В голосе старухи тоска, и долгий взгляд ее спорит с долгими золотыми нитями мирно заходящего за пригорком солнца.
Из всех ее рассказов и без вопросов мне ясно, что в селе еще нет холеры. В воздухе только чуются ее предвестники: нелепые слухи да смутный страх, смутная решимость не на жизнь, а на смерть отстаивать себя от кого-то и чего-то.
Наступит следующий период: мелькнет страшное лицо непрошеной гостьи, и появятся первые жертвы. Это бурный период. По улице будет дико бегать какой-нибудь пьяный, растрепанный детина, косая сажень в плечах, будет засучивать рукава и пьяно реветь: "Какая такая холера? Подай ее проклятую! Выходи! Не боюсь!! Дохтурская выдумка!" А к вечеру уж понесут его в места вечного упокоения...
Следующий период: "Тоже хвались, пожалуй... Силу в себе взять надо: укрепиться в себе". И крепится он и ищет в себе силу: и с крепью и силой и его рвет неумолимый враг.
Третий период: уже без шума и протеста идет глухая неравная борьба: кругом, куда ни кинет глаз, все тот же гнет неизбежности, все тот же горизонт безысходной тоски смерти.
В своем сумрачном безмолвии выглядывает угрюмо такое село, и далеко кругом объезжает его мой ямщик: точно какой-то гигант-покойник. А в тон этому покойнику, на полях другой покойник: природа - мертвая уже природа, истощенная, мертвая кормилица, ничего не смогшая оставить после себя своим голодным детям.
Бесконечным саваном расстилаются поля и давят душу своей пустотой.
Скучно ехать ночью.

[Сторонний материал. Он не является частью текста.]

(* Let $(\mathtt V_k,\mathcal F_k)$ be a nonnegative adapted sequence satisfying, almost surely for all $k$, $$\mathbb E[\mathtt V_k|\mathcal F_{k-1}]\le\Big(1-\frac ak+\gamma_k\Big)\mathtt V_{k-1}+\frac{C}{k^b},$$ where $a>0$, $b>1$, $C>0$ are constants and $(\gamma_k)$ is a nonnegative deterministic sequence with $\sum_k\gamma_k<\infty$. Then almost surely $\mathtt V_k=O(k^{-a})$ if $b-a>1$, and $\mathtt V_k=O\big((\ln k)^2/k^{b-1}\big)$ if $b-a\le1$. *)

From HB Require Import structures.
From mathcomp Require Import all_boot all_order all_algebra.
From mathcomp Require Import all_classical all_reals all_analysis.
From mathcomp Require Import measurable_realfun.
Set Implicit Arguments. Unset Strict Implicit. Unset Printing Implicit Defensive.
Import Order.TTheory GRing.Theory Num.Theory.
Import numFieldNormedType.Exports.
Local Open Scope classical_set_scope.
Local Open Scope ring_scope.

Definition meas_wrt {d} {T : measurableType d} {d'} {U : measurableType d'}
  (G : set (set T)) (f : T -> U) : Prop :=
  forall B : set U, measurable B -> G (f @^-1` B).

Definition filtration {d} {T : measurableType d} (F : nat -> set (set T)) : Prop :=
  forall n, [/\ sigma_algebra setT (F n), F n `<=` measurable & F n `<=` F n.+1].

(* Y is a version of the conditional expectation E[X | G] of the nonnegative
   random variable X (values in [0, +oo], so no integrability is needed):
   Y is G-measurable, nonnegative, and has the same integral as X on every
   G-measurable set. *)
Definition cond_exp_version {d} {T : measurableType d} {R : realType}
  (P : probability T R) (G : set (set T)) (X : T -> R) (Y : T -> \bar R) : Prop :=
  [/\ meas_wrt G Y, (forall x, 0 <= Y x)%E &
      forall A, G A -> (\int[P]_(x in A) Y x = \int[P]_(x in A) (X x)%:E)%E].

From HB Require Import structures.
From mathcomp Require Import all_boot all_order all_algebra.
From mathcomp Require Import all_classical all_reals all_analysis.
From mathcomp Require Import measurable_realfun.
Import Order.TTheory GRing.Theory Num.Theory.
Import numFieldNormedType.Exports.
Local Open Scope classical_set_scope.
Local Open Scope ring_scope.
Set Warnings "-notation-overridden,-ambiguous-paths,-notation-incompatible-prefix".
From mathcomp Require Import ring lra.
Set Implicit Arguments. Unset Strict Implicit. Unset Printing Implicit Defensive.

Поневоле говоришь.
- Не стало мужику ходу,- так мы считаем. Сейчас хоть общественную запашку взять. Либо бери, либо с голоду помирай: запашки нет и продовольствия нет. Запашку возьмешь, опять беда: половина деревни безлошадная, а порука, чего с него взять? Значит, лошадный становись за безлошадного, это что ж - на людей работа выходит? Много их охотников будет.
- Ну, а как, по-вашему, запашка - толк в ней есть?
- По-нашему, по-дурацкому, так выходит: под запашку отнял землю, меньше стало ее, меньше и родить будет. Опять - мало взял под запашку земли, толку не будет. Нынче на общественных сто пудов уродило, а за миром шесть тысяч пудов; тут чего же? Когда рассчитаешься? Если отвести землю как следует - половину поля надо отхватить. А сам на чем станешь сеять? Нас вот и берет страх: хватятся, что толку от нынешней запашки нет, да как отхватят половину земли! А деться некуда. Так и встало дело; мы на запашку не идем, а нам продовольствия нет.
- Чем же кончилось?
- Чем кончилось? Пошли на запашку, как остальную скотину съели. Чего поделаешь? Сейчас какая вся причина в запашке? Земство не надеется на бедного мужика, опасается, как бы помещику за него платить не пришлось, оно на богатого мужика и валит. Да мужику-то богатому какая неволя в петлю лезть? Только и всего, что кого сила берет, разбегутся на вольные земли, потому что жить в миру нельзя становится. Путные уйдут, а с этими каши не сваришь же...
Наступило молчание.
- Надоела же, поди, наша старуха тебе? - спросил ямщик, поворачиваясь ко мне.
- Нет.
- Охотники, значит, до наших мужицких речей.
- Чья бы ни была: умна бы была.
- И то... Поди, глупости говорила... Чего баба скажет?
- Ну, по-моему, в бабе вся сила. Как говорят, где черт не сможет, туда бабу пусти.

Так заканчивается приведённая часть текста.